Russian invasion takes toll on domestic gas prices
March 4, 2022
Oil and gas prices soared to a high peak because of investors’ fears that Russia’s invasion of Ukraine would hurt Russian exports and cause disruptions in the supply.
Russia is one of the world’s largest suppliers of energy and natural gas. It is also the world’s second biggest supplier of oil.
The geopolitical turmoil in Russia was bound to shake the market. After it launched a war on Ukraine, Russia has faced international opposition in the form of harsh sanctions.
This includes one that excludes the nation from The Society for Worldwide Interbank Financial Telecommunication, or SWIFT, a widely used global financial transaction system, and has hindered it from performing international transactions.
Consequently, imports have become expensive, harming companies that have to pay for goods and services from abroad, The Economist reported.
Additionally, the halted progress on the Nord Stream 2 pipeline project, which delivers natural gas from Russia to Germany, added tension to the soaring prices.
The oil industry was not immune to all of this since Russia is also a major supplier of the fuel. Interruptions in shipments of natural gas have raised concerns.
Oil prices experienced an increase in the United States because oil is a product of crude oil refinement, and the nation is a large importer of that energy source from Russia.
Reflecting the oil trouble, gas prices have increased nationwide, with New York State’s average regular price going up from $2.79 last year to $3.85 on March 2.
Furthermore, the European economy highly depends on Russia for natural gas, which is used for electricity, heating and home appliances.
The disruptions in the supply and the instability of Russia’s financial system have made investors panic.
Brent Crude, the global benchmark for oil prices, jumped to $112.93 per barrel on March 2, the highest it has been since 2014. For context, oil prices last year were $60 per barrel and ranged from $70 to $80 per barrel prior to the conflict escalating.
The price is expected to rise even more, as analysts from JPMorgan Chase & Co. predicted that it might reach $120 per barrel. If $120 per barrel is reached, inflation could reach 9%, hitting a new record and raising more concerns to curb it further.
U.S. benchmark West Texas Intermediate crude oil is $110.60 per barrel as of March 2.
Just as it seemed like inflation was being tackled, more uncertainty will hit the market with this new war. Inflation in the United States recently reached a 40-year high.
However, with current circumstances, inflation can get worse, and tackling it could lead to other issues.
Investors are trying to predict whether or not the Federal Reserve System policymakers will raise interest rates in their scheduled meeting later this month. Slowing inflation during these current circumstances will slow the economy and cause more disruptions.

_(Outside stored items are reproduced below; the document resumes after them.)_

(* Let $\alpha>2$, and for $s_1,s_2>0$ define \[ f(s_1,s_2)=\frac{\int_0^\infty e^{-(s_1+s_2)x^{2/\alpha}}\frac{dx}{1+x}}{s_1\int_0^\infty x^{2/\alpha}e^{-(s_1+s_2)x^{2/\alpha}}\frac{dx}{1+x}}. \] Then for each fixed $s_1>0$, the function $s_2\mapsto f(s_1,s_2)$ is monotonically increasing on $(0,\infty)$. *)

From Stdlib Require Import Reals.
From Coquelicot Require Import Coquelicot.
Open Scope R_scope.

(* x^(2/alpha) for x > 0, via Rpower (only evaluated on (0, oo)). *)
Definition xpow (alpha x : R) : R := Rpower x (2 / alpha).

Definition Iint (g : R -> R) : R :=
  RInt_gen g (at_right 0) (Rbar_locally p_infty).

Definition I0 (alpha s1 s2 : R) : R :=
  Iint (fun x => exp (- (s1 + s2) * xpow alpha x) / (1 + x)).

Definition I1 (alpha s1 s2 : R) : R :=
  Iint (fun x => xpow alpha x * exp (- (s1 + s2) * xpow alpha x) / (1 + x)).

Definition fratio (alpha s1 s2 : R) : R := I0 alpha s1 s2 / (s1 * I1 alpha s1 s2).

(* With t = s1 + s2 and y = x^(2/alpha), write I0(t), I1(t) for the two
   integrals.  For t < t' put d = t' - t and m = I1(t) / I0(t).  The function
   (y - m) (e^(-d m) - e^(-d y)) is nonnegative, and integrating it against
   e^(-t y) dx / (1 + x) gives  m I0(t') - I1(t') > e^(-d m) (m I0(t) - I1(t)) = 0,
   i.e. I0(t) I1(t') < I0(t') I1(t), which is the monotonicity of the ratio.
   The improper integrals exist because the integrands are nonnegative and
   dominated by K / (1 + x)^2, so their partial integrals are bounded. *)

From Stdlib Require Import Reals Lra Classical.
From Coquelicot Require Import Coquelicot.
Open Scope R_scope.

Notation at_0_right := (at_right 0).
Notation at_p_infty := (Rbar_locally p_infty).

Lemma exp_le x y : x <= y -> exp x <= exp y.
Proof. intros [h | ->]; [left; apply exp_increasing |]; lra. Qed.

Lemma Rpower_pos x p : 0 < Rpower x p.
Proof. apply exp_pos. Qed.

Section Nonnegative.

Variable f : R -> R.
Hypothesis f_cont : forall x, 0 < x -> continuous f x.
Hypothesis f_ge0 : forall x, 0 < x -> 0 <= f x.

Lemma ex_RInt_pos a b : 0 < a -> a <= b -> ex_RInt f a b.
Proof.
  intros ha hab. apply (ex_RInt_continuous (V := R_CompleteNormedModule)).
  intros z hz. rewrite Rmin_left in hz by lra. apply f_cont; lra.
Qed.

Lemma RInt_le_enlarge a' a b b' : 0 < a' -> a' <= a -> a <= b -> b <= b' ->
  RInt f a b <= RInt f a' b'.
Proof.
  intros h1 h2 h3 h4.
  rewrite <- (RInt_Chasles f a' a b') by (apply ex_RInt_pos; lra).
  rewrite <- (RInt_Chasles f a b b') by (apply ex_RInt_pos; lra).
  assert (0 <= RInt f a' a)
    by (apply RInt_ge_0; [lra | apply ex_RInt_pos; lra | intros; apply f_ge0; lra]).
  assert (0 <= RInt f b b')
    by (apply RInt_ge_0; [lra | apply ex_RInt_pos; lra | intros; apply f_ge0; lra]).
  repeat change (plus ?x ?y) with (x + y). lra.
Qed.

Lemma RInt_le_is_RInt_gen l : is_RInt_gen f at_0_right at_p_infty l ->
  forall a b, 0 < a -> a <= b -> RInt f a b <= l.
Proof.
  intros H a b ha hab. apply Rnot_lt_le. intros hlt.
  assert (he : 0 < RInt f a b - l) by lra.
  destruct (H _ (locally_ball l (mkposreal _ he))) as [Q P [d Hd] [M HM] HP].
  pose proof (cond_pos d).
  pose proof (Rmin_l (d / 2) a). pose proof (Rmin_r (d / 2) a).
  pose proof (Rmax_l (M + 1) b). pose proof (Rmax_r (M + 1) b).
  set (a' := Rmin (d / 2) a) in *. set (b' := Rmax (M + 1) b) in *.
  assert (0 < a') by (apply Rmin_glb_lt; lra).
  assert (hQ : Q a').
  { apply Hd; [| lra]. change (Rabs (a' - 0) < d). rewrite Rminus_0_r, Rabs_right; lra. }
  destruct (HP a' b' hQ (HM b' ltac:(lra))) as [y [hy hyl]].
  apply (is_RInt_unique (V := R_CompleteNormedModule)) in hy. simpl in hy.
  assert (RInt f a b <= RInt f a' b') by (apply RInt_le_enlarge; lra).
  change (Rabs (y - l) < RInt f a b - l) in hyl.
  pose proof (Rle_abs (y - l)). lra.
Qed.

Lemma is_RInt_gen_gt_0 l : is_RInt_gen f at_0_right at_p_infty l ->
  (exists x0, 0 < x0 /\ 0 < f x0) -> 0 < l.
Proof.
  intros H [x0 [hx0 hf0]].
  assert (he : 0 < f x0 / 2) by lra.
  destruct (f_cont x0 hx0 _ (locally_ball _ (mkposreal _ he))) as [d Hd].
  pose proof (cond_pos d).
  pose proof (Rmin_l (d / 2) (x0 / 2)). pose proof (Rmin_r (d / 2) (x0 / 2)).
  set (r := Rmin (d / 2) (x0 / 2)) in *.
  assert (hr : 0 < r) by (apply Rmin_glb_lt; lra).
  assert (0 < RInt f (x0 - r) (x0 + r)).
  { apply RInt_gt_0; [lra | | intros; apply f_cont; lra].
    intros x hx. assert (hb : Rabs (x - x0) < d) by (apply Rabs_def1; lra).
    specialize (Hd x hb). change (Rabs (f x - f x0) < f x0 / 2) in Hd.
    apply Rabs_def2 in Hd. lra. }
  assert (RInt f (x0 - r) (x0 + r) <= l) by (apply RInt_le_is_RInt_gen; auto; lra).
  lra.
Qed.

(* The limit is the supremum of the partial integrals over [a, b] with 0 < a <= b. *)
Lemma ex_RInt_gen_of_bounded C : (forall a b, 0 < a -> a <= b -> RInt f a b <= C) ->
  exists S, is_RInt_gen f at_0_right at_p_infty S.
Proof.
  intros hC.
  set (E := fun v => exists a b, 0 < a /\ a <= b /\ v = RInt f a b).
  assert (hE : bound E) by (exists C; intros v [a [b [h1 [h2 ->]]]]; auto).
  assert (hne : exists v, E v) by (exists (RInt f 1 1), 1, 1; repeat split; lra).
  destruct (completeness E hE hne) as [S [S_ub S_lub]].
  exists S. intros P [eps HP].
  destruct (classic (exists v, E v /\ S - eps < v))
    as [[v [[a0 [b0 [ha0 [hab0 ->]]]] hv]] | hno].
  - apply Filter_prod with (fun a => 0 < a <= a0) (fun b => b0 <= b).
    + exists (mkposreal a0 ha0). intros y hy hy0.
      change (Rabs (y - 0) < a0) in hy. rewrite Rminus_0_r, Rabs_right in hy; lra.
    + exists b0. intros; lra.
    + intros a b [ha1 ha2] hb. exists (RInt f a b). split.
      * apply (RInt_correct (V := R_CompleteNormedModule)), ex_RInt_pos; lra.
      * apply HP. change (Rabs (RInt f a b - S) < eps).
        assert (RInt f a b <= S) by (apply S_ub; exists a, b; repeat split; lra).
        assert (RInt f a0 b0 <= RInt f a b) by (apply RInt_le_enlarge; lra).
        apply Rabs_def1; destruct eps; simpl in *; lra.
  - assert (S <= S - eps); [| destruct eps; simpl in *; lra].
    apply S_lub. intros v hv. apply Rnot_lt_le. intros hlt. apply hno. eauto.
Qed.

Lemma RInt_le_of_le_inv_sq K : 0 <= K ->
  (forall x, 0 < x -> f x <= K / (1 + x) ^ 2) ->
  forall a b, 0 < a -> a <= b -> RInt f a b <= K.
Proof.
  intros hK hf a b ha hab.
  assert (hg : is_RInt (fun x => K / (1 + x) ^ 2) a b (- K / (1 + b) - - K / (1 + a))).
  { apply (is_RInt_derive (V := R_CompleteNormedModule) (fun x => - K / (1 + x)));
      intros x hx; rewrite Rmin_left, Rmax_right in hx by lra.
    - auto_derive; [lra | field; lra].
    - apply (ex_derive_continuous (K := R_AbsRing) (V := R_NormedModule)).
      auto_derive. apply Rgt_not_eq. nra. }
  assert (hle : RInt f a b <= RInt (fun x => K / (1 + x) ^ 2) a b).
  { apply RInt_le; [lra | apply ex_RInt_pos; lra | eexists; exact hg |].
    intros x hx. apply hf. lra. }
  rewrite (is_RInt_unique (V := R_CompleteNormedModule) _ _ _ _ hg) in hle.
  assert (0 <= K / (1 + b)) by (apply Rdiv_le_0_compat; lra).
  assert (K / (1 + a) <= K / 1) by (apply Rmult_le_compat_l; [lra | apply Rinv_le_contravar; lra]).
  unfold Rdiv in *. lra.
Qed.

End Nonnegative.

Lemma sq_div4_le_exp u : 0 <= u -> u ^ 2 / 4 <= exp u.
Proof.
  intros hu. replace u with (u / 2 + u / 2) at 2 by field. rewrite exp_plus.
  pose proof (exp_ineq1_le (u / 2)). nra.
Qed.

Lemma linear_sub_quad_le k u : 0 < k -> 2 * u - k * u ^ 2 / 4 <= 4 / k.
Proof.
  intros hk.
  assert (0 <= k * (u - 4 / k) ^ 2 / 4) by (pose proof (pow2_ge_0 (u - 4 / k)); nra).
  assert (4 / k = 2 * u - k * u ^ 2 / 4 + k * (u - 4 / k) ^ 2 / 4) by (field; lra).
  lra.
Qed.

(* For x > 1, with u = ln x: x^2 e^(-t x^p) <= exp (2u - t (p u)^2 / 4). *)
Lemma decay_bound p t x : 0 < p < 1 -> 0 < t -> 0 < x ->
  (1 + x) * (1 + Rpower x p) * exp (- t * Rpower x p) <= 4 * exp (4 / (t * p ^ 2)).
Proof.
  intros hp ht hx.
  assert (hk : 0 < t * p ^ 2) by (apply Rmult_lt_0_compat; [| apply pow_lt]; lra).
  assert (hE : 1 <= exp (4 / (t * p ^ 2)))
    by (rewrite <- exp_0; apply exp_le, Rlt_le, Rdiv_lt_0_compat; lra).
  pose proof (Rpower_pos x p). pose proof (exp_pos (- t * Rpower x p)).
  destruct (Rle_or_lt x 1) as [hx1 | hx1].
  - assert (ln x <= 0) by (rewrite <- ln_1; apply ln_le; lra).
    assert (Rpower x p <= 1) by (rewrite <- exp_0; apply exp_le; nra).
    assert (exp (- t * Rpower x p) <= 1) by (rewrite <- exp_0; apply exp_le; nra).
    assert (0 <= (1 + x) * (1 + Rpower x p) <= 4) by nra.
    nra.
  - set (u := ln x).
    assert (hu : 0 < u) by (unfold u; rewrite <- ln_1; apply ln_increasing; lra).
    assert (hxu : x = exp u) by (unfold u; rewrite exp_ln; lra).
    assert (hy : Rpower x p = exp (p * u)) by reflexivity.
    set (y := Rpower x p) in *.
    assert (y <= x) by (rewrite hy, hxu; apply exp_le; nra).
    assert (1 <= y) by (rewrite hy; pose proof (exp_ineq1_le (p * u)); nra).
    assert ((p * u) ^ 2 / 4 <= y) by (rewrite hy; apply sq_div4_le_exp; nra).
    assert (hexp : x * x * exp (- t * y) <= exp (4 / (t * p ^ 2))).
    { rewrite hxu, <- !exp_plus. apply exp_le.
      pose proof (linear_sub_quad_le (t * p ^ 2) u hk). nra. }
    assert ((1 + x) * (1 + y) <= 4 * (x * x)) by nra.
    nra.
Qed.

Lemma two_div_bounds a : 2 < a -> 0 < 2 / a < 1.
Proof.
  intros ha. assert (0 < 2 / a) by (apply Rdiv_lt_0_compat; lra).
  assert (2 / a * a = 2) by (field; lra). split; nra.
Qed.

In an effort to bring down prices, a parade of 31 countries announced that 60 million barrels of crude oil will be released from reserves. Unfortunately, that didn’t work, and the price continued to increase.
The failure was due to the move releasing a little amount of oil that reflected only 12 days worth of Russian exports.
OPEC had no response to the rising oil prices and has no new plans. It argued that the recent instability is a consequence of geopolitical reasons rather than fundamentals in the supply and demand, in which case it would be required to respond.
OPEC’s response was no surprise, as both Russia and Saudi Arabia profit from revenues behind the high oil prices.
Larger spending on oil will dampen spending in other areas, consequently hindering economic growth.
Just as the world was recovering from the COVID-19 pandemic and economic indicators began to show signs of normality, the panic has returned yet again at the market and the gas pump, and how long it will last this time could be anyone’s guess.